I remember the saying, “Sticks and stones may break my bones, but words will never hurt me.” I chanted that saying often as a child, a child ridiculed by classmates and even “friends.”

Reflecting on that saying, it simply is not true!

Words hurt.

Words wound.

Words leave deep scars that sometimes never seem to go away.

I remember many times growing up when I was wounded deep with words. Not only from classmates and so-called friends, but also from family. I have a few instances that I remember clearly, as if they just happened. I remember incidents where I was left feeling as worthless as trash tossed to the curb.

When you think about this pattern of verbal abuse, and then add to the mix a virtually non-existent display of verbal affirmation and physical affection, it starts to get really dangerous.

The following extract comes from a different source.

(* Suppose there exist $c,d\in\mathbb{N}^+$ and $\gamma>0$ such that, as a function of $n$, $$\sup\left\{\frac{|f|_{\mathcal{C}}}{|f|_{\mathcal{U}^c}}: f\in H^n,\ |f|_{\mathcal{U}^c}\le n^d\right\}\notin O(n^{1+\gamma}).$$ Then there exist a language $L\in\mathbf{P}$ and $\tau>0$ such that no sequence of Boolean circuits $(C_n)_n$ with $C_n$ computing $L|_n$ for every $n$ has sizes $|C_n|\in O(n^{1+\tau})$.
   Context: Let $\mathcal{B}=\{0,1\}$, let $\mathcal{B}^*$ be the set of finite binary strings and $|h|$ the length of $h\in\mathcal{B}^*$. For $n\in\mathbb{N}^+$, $H^n$ is the set of all functions $\mathcal{B}^n\to\mathcal{B}$. An interpreter is a Turing machine computing a partial function $\varphi:\mathcal{B}^*\times\mathcal{B}^*\to\mathcal{B}\cup\{\bot\}$, where $\bot$ denotes non-halting (or invalid) output. For $f\in H^n$, $|f|_\varphi=\min\{|h|:\varphi(h,x)=f(x)\ \forall x\in\mathcal{B}^n\}$ ($+\infty$ if no such $h$). Turing machines have alphabet $\{0,1,b\}$ ($b$ blank), a finite state set containing an initial state and two final states accept/reject; the output is $1$ if halting in accept, $0$ if halting in reject, $\bot$ otherwise; multi-tape machines have read-only input tapes and read/write work tapes, and the transition function is a finite list of rules. $E(T)$ is a fixed prefix-free binary encoding of a machine $T$ listing its rules (of length at least 2 for every machine). For $c\in\mathbb{N}^+$, $\mathcal{U}^c$ is a time-bounded universal interpreter (a 2-input-tape, 3-work-tape machine): on $(p,x)$ with $n=|x|$, it checks within $n^c$ steps whether $p=E(T)u$ for a two-input-tape machine $T$ and $u\in\mathcal{B}^*$ (outputting $\bot$ if not, or if the check does not finish), then simulates $T$ on $(u,x)$ with an efficient universal simulation (Hennie–Stearns, overhead $O(t\log t)$ for $t$ simulated steps), devoting at most $n^c$ of its own steps to the simulation; it outputs $T$'s output if $T$ halts within this budget and $0$ otherwise. For fixed $p$ it runs in at most $\beta n^c$ steps for a constant $\beta$. A Boolean circuit on $n$ inputs is a DAG with a unique sink (output) whose sources are labelled by input indices in $\{1,\dots,n\}$ and whose other vertices (gates) are labelled AND, OR (two incoming edges) or NOT (one incoming edge); its size $|C|$ is its number of vertices. The circuit interpreter $\mathcal{C}$ reads a program $h=0^{\lceil\log_2 n\rceil}1\,[\text{binary expansion of } n]\,0^{|C|}1\,[\text{description of vertex } i]_{i=1}^{|C|}$, each vertex being described by its label and its parents/input index using $\max\{2\lceil\log_2|C|\rceil,\lceil\log_2 n\rceil\}$ bits beyond the label bits, so a circuit $C$ on $n$ inputs has encoding length $L(|C|,n)=2\lceil\log_2 n\rceil+2+|C|(3+\max\{2\lceil\log_2|C|\rceil,\lceil\log_2 n\rceil\})$; $\mathcal{C}(h,x)$ is the circuit's output on $x\in\mathcal{B}^n$, and $\bot$ if $h$ is malformed. Hence $|f|_{\mathcal{C}}=\min\{L(|C|,n): C \text{ computes } f\}$. A language is a subset $L\subseteq\mathcal{B}^*$, identified with its indicator function; $L|_n\in H^n$ is its restriction to inputs of length $n$. $\mathbf{P}$ is the class of languages decidable by a deterministic Turing machine in polynomial time. *)

From Stdlib Require Import Reals.
From mathcomp Require Import all_boot.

This kind of childhood can have devastating effects on a life.

When I entered my adolescent years, I had very little self-confidence in public and I battled feeling worthless even in my own heart. I did not feel worthy of much at all, if anything. I didn’t care what I looked like; I wore dark and baggy clothes, I just wanted to fade into the background unnoticed.

It took a long time for God to show me His love, or more accurately for me to see and feel His love. I think it was hard for me to feel God’s love because I remembered feeling completely unloved, at times, by those closest to me.

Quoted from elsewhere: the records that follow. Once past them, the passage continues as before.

(* Every index of positive eigenvalue in [S] is among the leading indices with
   cutoff [max_freq S], whose eigenvalues sum to at most the trace. *)
Lemma sum_eigval_le_trace d S : NoDup S -> sumR (map (ev d) S) <= tr d.
Proof.
  intros HS.
  apply Rle_trans with (sumR (map (ev d) (leading_indices d (fun _ => max_freq S)))).
  - apply (sumR_map_NoDup_le idx_eq_dec); [apply eigval_nonneg | exact HS |].
    intros [[[j k] b]|] Hx Hnz; [|left; reflexivity].
    unfold eigval in Hnz.
    destruct ((1 <=? j)%nat && (j <=? d)%nat && (1 <=? k)%nat) eqn:E; [|lra].
    apply andb_true_iff in E as [[E1%Nat.leb_le E2%Nat.leb_le]%andb_true_iff E3%Nat.leb_le].
    right. apply in_flat_map. exists j. split; [apply in_seq; lia|].
    apply in_flat_map. exists k. split.
    + apply in_seq. pose proof (max_freq_spec S j k b Hx). lia.
    + unfold freq_pair; destruct b; simpl; auto.
  - rewrite sum_eigval_leading, trace_cov_zeta. apply Rplus_le_compat_l, sumR_map_le.
    intros j Hj. apply in_seq in Hj.
    pose proof (zeta_partial_le_zeta (sigma j) (sigma_gt_1 j ltac:(lia)) (max_freq S)).
    pose proof (beta_pos j ltac:(lia)). nra.
Qed.

Lemma top_sum_spec d n :
  (forall S, NoDup S -> (length S <= n)%nat -> sumR (map (ev d) S) <= top d n) /\
  (forall B, (forall S, NoDup S -> (length S <= n)%nat -> sumR (map (ev d) S) <= B) ->
     top d n <= B).
Proof.
  unfold top_sum.
  set (E := fun x => exists S : list idx, NoDup S /\ (length S <= n)%nat /\
                      x = fold_right Rplus 0 (map (ev d) S)).
  generalize (Lub_Rbar_correct E). destruct (Lub_Rbar E) as [r| |]; intros [Hub Hlub].
  - split.
    + intros S HS Hl. apply (Hub (sumR (map (ev d) S))). exists S; auto.
    + intros B HB. apply (Hlub (Finite B)). intros x [S [HS [Hl ->]]]. apply HB; auto.
  - exfalso. apply (Hlub (Finite (tr d))). intros x [S [HS [Hl ->]]].
    apply sum_eigval_le_trace; auto.
  - exfalso. apply (Hub 0). exists nil. repeat split; [constructor | simpl; lia].
Qed.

God pursues us, though! He was actively pursuing me. He had a plan for me. He gave me a life-giving community of believers through a local church. I began to grow. I began to gain confidence, through Christ. I remember conversations where life was being spoken to me.

Then, God gave me my husband. We met when I was still in high school. Honestly, it could have ended differently! I was fully captivated by him as soon as he started showering me with his love. Thankfully, though, this was part of God’s redemptive plan for my life!

My husband and I married. He continued, even more so, to show me his love and affection. While at the same time, God continued to faithfully open my eyes more and more to His glorious love for me.

I felt truly loved.

I felt like I had value and worth.

God uses our difficult and trying times for His glory and our good.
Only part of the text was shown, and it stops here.